Starting with the line containing "have := @norm_first_order_remainder_le" and going on through the line containing "apply: (@le_of_forall_le_addr_scaled _", return the lines of the data below exactly, and only those.
————————
(* Let $A\in\mathbb{R}^{n\times d}$ have rows $\boldsymbol{a}_i^\top$, $\lambda>0$, let each $f_i$ be convex with conjugate $f_i^*$, and let $g$ be $\mu$-strongly convex and $L$-smooth. Let $\boldsymbol{x}^{(t)}$ with $\|\boldsymbol{x}^{(t)}\|_1\le\lambda$ and $\boldsymbol{y}^{(t)}\in\mathbb{R}^n$ be given, let $\bar{\boldsymbol{x}}^{(t)}=\arg\min_{\|\boldsymbol{x}\|_1\le\lambda}\mathcal{L}(\boldsymbol{x},\boldsymbol{y}^{(t)})$, let $s\ge\|\bar{\boldsymbol{x}}^{(t)}\|_0$ be an integer and $\eta=\frac{\mu}{2L}$, and define $\tilde{\boldsymbol{x}}\in\arg\min_{\|\boldsymbol{x}\|_1\le\lambda,\ \|\boldsymbol{x}\|_0\le s}\{\langle\frac1nA^\top\boldsymbol{y}^{(t)}+\nabla g(\boldsymbol{x}^{(t)}),\boldsymbol{x}\rangle+\frac L2\eta\|\boldsymbol{x}-\boldsymbol{x}^{(t)}\|^2\}$ and $\boldsymbol{x}^{(t+1)}=(1-\eta)\boldsymbol{x}^{(t)}+\eta\tilde{\boldsymbol{x}}$. Then $$\mathcal{L}(\boldsymbol{x}^{(t+1)},\boldsymbol{y}^{(t)})-\mathcal{L}(\bar{\boldsymbol{x}}^{(t)},\boldsymbol{y}^{(t)})\le\Big(1-\frac\eta2\Big)\Big(\mathcal{L}(\boldsymbol{x}^{(t)},\boldsymbol{y}^{(t)})-\mathcal{L}(\bar{\boldsymbol{x}}^{(t)},\boldsymbol{y}^{(t)})\Big),$$ equivalently $(1-\frac\eta2)\big(\mathcal{L}(\boldsymbol{x}^{(t+1)},\boldsymbol{y}^{(t)})-\mathcal{L}(\boldsymbol{x}^{(t)},\boldsymbol{y}^{(t)})\big)\le-\frac\eta2\Delta_p^{(t)}$.
   Context: $\mathcal{L}(\boldsymbol{x},\boldsymbol{y})=g(\boldsymbol{x})+\frac1n\langle\boldsymbol{y},A\boldsymbol{x}\rangle-\frac1n\sum_{i=1}^nf_i^*(y_i)$. $\Delta_p^{(t)}=\mathcal{L}(\boldsymbol{x}^{(t+1)},\boldsymbol{y}^{(t)})-\mathcal{L}(\bar{\boldsymbol{x}}^{(t)},\boldsymbol{y}^{(t)})$. This is the primal step of the Primal-Dual Block Frank-Wolfe algorithm for the $\ell_1$ ball. *)

From HB Require Import structures.
From mathcomp Require Import all_boot all_order all_algebra.
From mathcomp Require Import all_classical all_reals all_analysis.
Set Implicit Arguments. Unset Strict Implicit. Unset Printing Implicit Defensive.
Import Order.TTheory GRing.Theory Num.Theory.
Import numFieldNormedType.Exports.
Local Open Scope classical_set_scope.
Local Open Scope ring_scope.

Definition dotv {R : realType} {d : nat} (u v : 'rV[R]_d) : R :=
  \sum_(j < d) u 0 j * v 0 j.

Definition sqnorm2 {R : realType} {d : nat} (u : 'rV[R]_d) : R := dotv u u.
Definition norm2 {R : realType} {d : nat} (u : 'rV[R]_d) : R := Num.sqrt (sqnorm2 u).
Definition norm1 {R : realType} {d : nat} (u : 'rV[R]_d) : R :=
  \sum_(j < d) `|u 0 j|.
Definition norm0 {R : realType} {d : nat} (u : 'rV[R]_d) : nat :=
  #|[set j : 'I_d | u 0 j != 0]|.

Definition gradient {R : realType} {d : nat} (g : 'rV[R]_d -> R) (x : 'rV[R]_d)
  : 'rV[R]_d := \row_(j < d) ('d g x (delta_mx 0 j : 'rV[R]_d)).

Definition convex_fun1 {R : realType} (f : R -> R) : Prop :=
  forall (x y t : R), 0 <= t <= 1 ->
    f (t * x + (1 - t) * y) <= t * f x + (1 - t) * f y.

Definition strongly_convex {R : realType} {d : nat} (mu : R) (g : 'rV[R]_d -> R)
  : Prop :=
  forall (x y : 'rV[R]_d) (t : R), 0 <= t <= 1 ->
    g (t *: x + (1 - t) *: y) <=
      t * g x + (1 - t) * g y - mu / 2 * t * (1 - t) * sqnorm2 (x - y).

Definition smooth {R : realType} {d : nat} (L : R) (g : 'rV[R]_d -> R) : Prop :=
  (forall x, differentiable g x) /\
  forall x y : 'rV[R]_d, norm2 (gradient g x - gradient g y) <= L * norm2 (x - y).

Definition fconj {R : realType} (f : R -> R) (y : R) : \bar R :=
  ereal_sup [set ((x * y - f x)%:E) | x in [set: R]].

(* Lagrangian L(x,y) = g(x) + 1/n <y, A x> - 1/n sum_i f_i^*(y_i);
   A : n x d matrix, A x = x *m A^T, <y, A x> = <y *m A, x>. *)
Definition lagr {R : realType} {n d : nat} (A : 'M[R]_(n, d))
  (g : 'rV[R]_d -> R) (f : 'I_n -> R -> R) (x : 'rV[R]_d) (y : 'rV[R]_n) : R :=
  g x + n%:R^-1 * dotv y (x *m A^T) - n%:R^-1 * \sum_(i < n) fine (fconj (f i) (y 0 i)).

From HB Require Import structures.
From mathcomp Require Import all_boot all_order all_algebra.
From mathcomp Require Import all_classical all_reals all_analysis.
From mathcomp Require Import ring lra.
Import Order.TTheory GRing.Theory Num.Theory.
Import numFieldNormedType.Exports.
Local Open Scope ring_scope.

(* Write Phi := L(., y^(t)) = g + <c, .> - K.  Since x^(t+1) - x^(t) = eta (x~ - x^(t)),
   the descent lemma for the L-smooth g gives
     Phi(x^(t+1)) - Phi(x^(t)) <= eta (obj x~ - <c + grad g(x^(t)), x^(t)>).
   As xbar is feasible for the sparse subproblem, obj x~ <= obj xbar, and the first-order
   inequality of strong convexity bounds obj xbar - <c + grad g(x^(t)), x^(t)> by
   Phi(xbar) - Phi(x^(t)) + (L eta / 2 - mu / 2) |xbar - x^(t)|^2, where L eta / 2 = mu / 4.
   Hence Phi(x^(t+1)) - Phi(xbar) <= (1 - eta) (Phi(x^(t)) - Phi(xbar)), which is at most the
   claimed bound because xbar minimises Phi. *)

Section DotProduct.
Context {R : realType} {d : nat}.
Implicit Types u v w : 'rV[R]_d.

Lemma dotvC u v : dotv u v = dotv v u.
Proof. by apply: eq_bigr => j _; rewrite mulrC. Qed.

Lemma dotvDr u v w : dotv u (v + w) = dotv u v + dotv u w.
Proof. by rewrite /dotv -big_split; apply: eq_bigr => j _; rewrite !mxE mulrDr. Qed.

Lemma dotvZr u v k : dotv u (k *: v) = k * dotv u v.
Proof. by rewrite /dotv mulr_sumr; apply: eq_bigr => j _; rewrite !mxE mulrCA. Qed.

Lemma dotvNr u v : dotv u (- v) = - dotv u v.
Proof. by rewrite -scaleN1r dotvZr mulN1r. Qed.

Lemma dotvBr u v w : dotv u (v - w) = dotv u v - dotv u w.
Proof. by rewrite dotvDr dotvNr. Qed.

Lemma dotv0l v : dotv 0 v = 0.
Proof. by rewrite -(scale0r 0) dotvC dotvZr mul0r. Qed.

Lemma dotvDl u v w : dotv (v + w) u = dotv v u + dotv w u.
Proof. by rewrite dotvC dotvDr !(dotvC u). Qed.

Lemma dotvZl u v k : dotv (k *: v) u = k * dotv v u.
Proof. by rewrite dotvC dotvZr dotvC. Qed.

Lemma dotvNl u v : dotv (- u) v = - dotv u v.
Proof. by rewrite dotvC dotvNr dotvC. Qed.

Lemma dotvBl u v w : dotv (v - w) u = dotv v u - dotv w u.
Proof. by rewrite dotvC dotvBr !(dotvC u). Qed.

Lemma sqnorm2_ge0 v : 0 <= sqnorm2 v.
Proof. by apply: sumr_ge0 => j _; rewrite -expr2 sqr_ge0. Qed.

Lemma sqnorm2_eq0 v : (sqnorm2 v == 0) = (v == 0).
Proof.
apply/idP/eqP => [|->]; last by rewrite /sqnorm2 dotv0l.
rewrite /sqnorm2 /dotv psumr_eq0 => [/allP v0|j _]; last by rewrite -expr2 sqr_ge0.
apply/rowP => j; apply/eqP; rewrite mxE -[_ == _]orbb -mulf_eq0.
exact: v0 (mem_index_enum _).
Qed.

Lemma sqnorm2Z k v : sqnorm2 (k *: v) = k ^+ 2 * sqnorm2 v.
Proof. by rewrite /sqnorm2 dotvZl dotvZr mulrA expr2. Qed.

Lemma norm2_ge0 v : 0 <= norm2 v.
Proof. exact: sqrtr_ge0. Qed.

Lemma norm2_gt0 v : v != 0 -> 0 < norm2 v.
Proof. by rewrite sqrtr_gt0 lt_def sqnorm2_eq0 sqnorm2_ge0 andbT. Qed.

Lemma sqr_norm2 v : norm2 v ^+ 2 = sqnorm2 v.
Proof. by rewrite sqr_sqrtr // sqnorm2_ge0. Qed.

Lemma norm2Z k v : norm2 (k *: v) = `|k| * norm2 v.
Proof. by rewrite /norm2 sqnorm2Z sqrtrM ?sqr_ge0 // sqrtr_sqr. Qed.

Lemma norm2N v : norm2 (- v) = norm2 v.
Proof. by rewrite -scaleN1r norm2Z normrN normr1 mul1r. Qed.

Lemma dotv_le_norm2 u v : dotv u v <= norm2 u * norm2 v.
Proof.
have [->|u0] := eqVneq u 0; first by rewrite dotv0l mulr_ge0 ?norm2_ge0.
have [->|v0] := eqVneq v 0; first by rewrite dotvC dotv0l mulr_ge0 ?norm2_ge0.
set a := norm2 u; set b := norm2 v.
have ab_gt0 : 0 < a * b by rewrite mulr_gt0 ?norm2_gt0.
have expand : sqnorm2 (b *: u - a *: v) = 2 * (a * b) * (a * b - dotv u v).
  rewrite /sqnorm2 !(dotvBl, dotvBr, dotvZl, dotvZr) (dotvC v u).
  by rewrite -!/(sqnorm2 _) -!sqr_norm2 -/a -/b; ring.
have := sqnorm2_ge0 (b *: u - a *: v).
by rewrite expand pmulr_rge0 ?subr_ge0 // mulr_gt0.
Qed.

Lemma norm_dotv_le u v : `|dotv u v| <= norm2 u * norm2 v.
Proof.
rewrite ler_norml dotv_le_norm2 andbT lerNl -dotvNl.
by rewrite -[norm2 u]norm2N dotv_le_norm2.
Qed.

End DotProduct.

Section Gradient.
Context {R : realType} {d : nat}.
Implicit Types (g : 'rV[R]_d -> R) (x v : 'rV[R]_d).

Lemma diff_gradient g x v : 'd g x v = dotv (gradient g x) v.
Proof.
rewrite {1}(row_sum_delta v) linear_sum /dotv; apply: eq_bigr => j _.
by rewrite linearZ /= mxE mulrC.
Qed.

Lemma is_derive_line g x v t : differentiable g (x + t *: v) ->
  is_derive t 1 (fun s : R => g (x + s *: v)) (dotv (gradient g (x + t *: v)) v).
Proof.
move=> dg.
have quotE : (fun h : R => h^-1 *: (((fun s : R => g (x + s *: v)) \o shift t) (h *: 1)
                                   - g (x + t *: v)))
    = (fun h : R => h^-1 *: ((g \o shift (x + t *: v)) (h *: v) - g (x + t *: v))).
  apply/funext => h /=; congr (_ *: (g _ - _)).
  by rewrite [_%:A]mulr1 scalerDl addrCA addrA.
apply: DeriveDef; first by rewrite /derivable quotE; exact: diff_derivable.
by rewrite /derive quotE -/(derive g _ v) deriveE // diff_gradient.
Qed.

End Gradient.

Section FirstOrderRemainder.
Local Open Scope classical_set_scope.
Context {R : realType}.
Implicit Types (f df : R -> R) (M : R).

Lemma first_order_remainder_le f df M :
  (forall s : R, is_derive s 1 f (df s)) ->
  (forall s, 0 < s < 1 -> df s - df 0 <= M * s) ->
  f 1 - f 0 - df 0 <= M / 2.
Proof.
move=> f_df df_le.
(* apply the mean value theorem to [f] minus its quadratic model *)
pose psi : R -> R := f - (df 0 \*: @id R) - (M / 2 \*: (@id R * @id R)).
have psi_d (s : R) : is_derive s 1 psi (df s - df 0 - M * s).
  apply: is_derive_eq; rewrite /= ![_%:A]mulr1.
  by rewrite -[_ *: _]/(M / 2 * (s + s)) mulrDr -mulrDl -splitr.
have psi_cont : {within `[0, 1], continuous psi}.
  by apply: derivable_within_continuous => s _; have [] := psi_d s.
have [c /[!in_itv]/= c01 psi_mvt] := MVT ltr01 (fun s _ => psi_d s) psi_cont.
have psiE (s : R) : psi s = f s - df 0 * s - M / 2 * (s * s) by [].
have := df_le c c01; move: psi_mvt; rewrite !psiE.
lra.
Qed.

Lemma norm_first_order_remainder_le f df M :
  (forall s : R, is_derive s 1 f (df s)) ->
  (forall s, 0 < s < 1 -> `|df s - df 0| <= M * s) ->
  `|f 1 - f 0 - df 0| <= M / 2.
Proof.
move=> f_df df_le; rewrite ler_norml; apply/andP; split; last first.
  by apply: first_order_remainder_le => // s /df_le /ler_normlP[].
rewrite lerNl.
have -> : - (f 1 - f 0 - df 0) = (- f) 1 - (- f) 0 - (- df) 0.
  by rewrite !opprfctE /=; lra.
apply: first_order_remainder_le => s /df_le /ler_normlP[+ _].
by rewrite !opprfctE /=; lra.
Qed.

End FirstOrderRemainder.

Lemma le_of_forall_le_addr_scaled {R : realFieldType} (a b k : R) :
  (forall t, 0 < t <= 1 -> a <= b + t * k) -> a <= b.
Proof.
move=> le_abk; apply/ler_addgt0Pr => e e_gt0.
pose t := Num.min 1 (e / (`|k| + 1)).
have k1_gt0 : 0 < `|k| + 1 by rewrite ltr_wpDl.
have t_gt0 : 0 < t by rewrite lt_min ltr01 divr_gt0.
have t_le : t <= e / (`|k| + 1) by rewrite ge_min lexx orbT.
have tk_le : t * (`|k| + 1) <= e by rewrite -ler_pdivlMr.
apply: le_trans (le_abk t _) _; first by rewrite t_gt0 ge_min lexx.
by rewrite lerD2l (le_trans _ tk_le) // ler_pM2l // ler_wpDr // ler_norm.
Qed.

Section SmoothStronglyConvex.
Context {R : realType} {d : nat} {mu L : R} {g : 'rV[R]_d -> R}.
Hypothesis g_smooth : smooth L g.
Implicit Types x y v : 'rV[R]_d.

Lemma smooth_remainder_le x v :
  `|g (x + v) - g x - dotv (gradient g x) v| <= L / 2 * sqnorm2 v.
Proof.
have [g_diff g_lip] := g_smooth.
have := @norm_first_order_remainder_le _ (fun s => g (x + s *: v))
  (fun s => dotv (gradient g (x + s *: v)) v) (L * sqnorm2 v).
rewrite scale1r scale0r addr0 mulrAC; apply => [s|s /andP[s_gt0 _]].
  exact: is_derive_line.
rewrite -dotvBl; apply: le_trans (norm_dotv_le _ _) _.
have := g_lip (x + s *: v) x.
rewrite [x + _ - x]addrC addKr norm2Z gtr0_norm // => lip.
have -> : L * sqnorm2 v * s = L * (s * norm2 v) * norm2 v by rewrite -sqr_norm2; ring.
by rewrite ler_wpM2r ?norm2_ge0.
Qed.

Hypothesis g_sc : strongly_convex mu g.

Lemma strongly_convex_gradient_ge x y :
  g x + dotv (gradient g x) (y - x) + mu / 2 * sqnorm2 (y - x) <= g y.
Proof.
set v := y - x.
(* strong convexity on [[x, y]] and the smoothness lower bound at [x + t v]
   give the claim up to an error O(t) *)
apply: (@le_of_forall_le_addr_scaled _ _ _ ((mu + L) / 2 * sqnorm2 v)).
move=> t /andP[t_gt0 t_le1].
have := g_sc y x t; rewrite ltW //= -/v => /(_ t_le1).
have -> : t *: y + (1 - t) *: x = x + t *: v by apply/rowP => j; rewrite !mxE; ring.
move=> sc; rewrite -(ler_pM2l t_gt0).
have := smooth_remainder_le x (t *: v); rewrite dotvZr sqnorm2Z => /ler_normlP[lb _].
lra.
Qed.

End SmoothStronglyConvex.

Lemma dotv_mul_tr {R : realType} {n d : nat} (A : 'M[R]_(n, d))
    (x : 'rV[R]_d) (y : 'rV[R]_n) :
  dotv y (x *m A^T) = dotv (y *m A) x.
Proof.
rewrite /dotv; under eq_bigr do rewrite mxE mulr_sumr.
rewrite exchange_big /=; apply: eq_bigr => j _.
by rewrite mxE mulr_suml; apply: eq_bigr => i _; rewrite mxE mulrA mulrAC.
Qed.

Theorem lemma1 (R : realType) (n d : nat) (A : 'M[R]_(n, d)) (lam : R)
  (f : 'I_n -> R -> R) (g : 'rV[R]_d -> R) (mu L : R)
  (xt xbar xtil : 'rV[R]_d) (yt : 'rV[R]_n) (s : nat) :
  (0 < n)%N -> 0 < lam ->
  (forall i, convex_fun1 (f i)) ->
  (forall i, fconj (f i) (yt 0 i) \is a fin_num) ->
  0 < mu -> 0 < L -> strongly_convex mu g -> smooth L g ->
  norm1 xt <= lam ->
  norm1 xbar <= lam ->
  (forall x, norm1 x <= lam -> lagr A g f xbar yt <= lagr A g f x yt) ->
  (norm0 xbar <= s)%N ->
  let eta := mu / (2 * L) in
  let obj := fun x : 'rV[R]_d =>
    dotv (n%:R^-1 *: (yt *m A) + gradient g xt) x
    + L / 2 * eta * sqnorm2 (x - xt) in
  norm1 xtil <= lam -> (norm0 xtil <= s)%N ->
  (forall x, norm1 x <= lam -> (norm0 x <= s)%N -> obj xtil <= obj x) ->
  let xnext := (1 - eta) *: xt + eta *: xtil in
  lagr A g f xnext yt - lagr A g f xbar yt <=
    (1 - eta / 2) * (lagr A g f xt yt - lagr A g f xbar yt).
Proof.
move=> _ _ _ _ mu_gt0 L_gt0 g_sc g_smooth xt_feas xbar_feas xbar_min xbar_sparse
  eta obj _ _ xtil_min.
rewrite [in X in is_true X]/=; set xnext := (1 - eta) *: xt + eta *: xtil.
set c := n%:R^-1 *: (yt *m A); set G := gradient g xt.
set K := n%:R^-1 * \sum_(i < n) fine (fconj (f i) (yt 0 i)).
have lagrE x : lagr A g f x yt = g x + dotv c x - K by rewrite /lagr dotv_mul_tr dotvZl.
have eta_gt0 : 0 < eta by rewrite divr_gt0 ?mulr_gt0.
have L_eta : L / 2 * eta = mu / 4 by rewrite /eta; field; rewrite gt_eqF.
have xnextE : xnext = xt + eta *: (xtil - xt).
  by apply/rowP => j; rewrite !mxE; ring.
have model_le : obj xtil - dotv (c + G) xt <= lagr A g f xbar yt - lagr A g f xt yt.
  have := xtil_min xbar xbar_feas xbar_sparse.
  have := strongly_convex_gradient_ge g_smooth g_sc xt xbar.
  have := mulr_ge0 (ltW mu_gt0) (sqnorm2_ge0 (xbar - xt)).
  rewrite /obj !lagrE !dotvDl !dotvBr L_eta; lra.
have step_le : lagr A g f xnext yt - lagr A g f xt yt
    <= eta * (lagr A g f xbar yt - lagr A g f xt yt).
  apply: le_trans (ler_wpM2l (ltW eta_gt0) model_le).
  have dotv_next : dotv c xnext = dotv c xt + eta * (dotv c xtil - dotv c xt).
    by rewrite xnextE dotvDr dotvZr dotvBr.
  have := smooth_remainder_le g_smooth xt (eta *: (xtil - xt)).
  rewrite -xnextE dotvZr sqnorm2Z => /ler_normlP[_].
  rewrite /obj !lagrE dotv_next !dotvDl !dotvBr; lra.
have := xbar_min xt xt_feas; rewrite -subr_ge0 => /(mulr_ge0 (ltW eta_gt0)).
lra.
Qed.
————————
- Problem solution
have := @norm_first_order_remainder_le _ (fun s => g (x + s *: v))
  (fun s => dotv (gradient g (x + s *: v)) v) (L * sqnorm2 v).
rewrite scale1r scale0r addr0 mulrAC; apply => [s|s /andP[s_gt0 _]].
  exact: is_derive_line.
rewrite -dotvBl; apply: le_trans (norm_dotv_le _ _) _.
have := g_lip (x + s *: v) x.
rewrite [x + _ - x]addrC addKr norm2Z gtr0_norm // => lip.
have -> : L * sqnorm2 v * s = L * (s * norm2 v) * norm2 v by rewrite -sqr_norm2; ring.
by rewrite ler_wpM2r ?norm2_ge0.
Qed.

Hypothesis g_sc : strongly_convex mu g.

Lemma strongly_convex_gradient_ge x y :
  g x + dotv (gradient g x) (y - x) + mu / 2 * sqnorm2 (y - x) <= g y.
Proof.
set v := y - x.
(* strong convexity on [[x, y]] and the smoothness lower bound at [x + t v]
   give the claim up to an error O(t) *)
apply: (@le_of_forall_le_addr_scaled _ _ _ ((mu + L) / 2 * sqnorm2 v)).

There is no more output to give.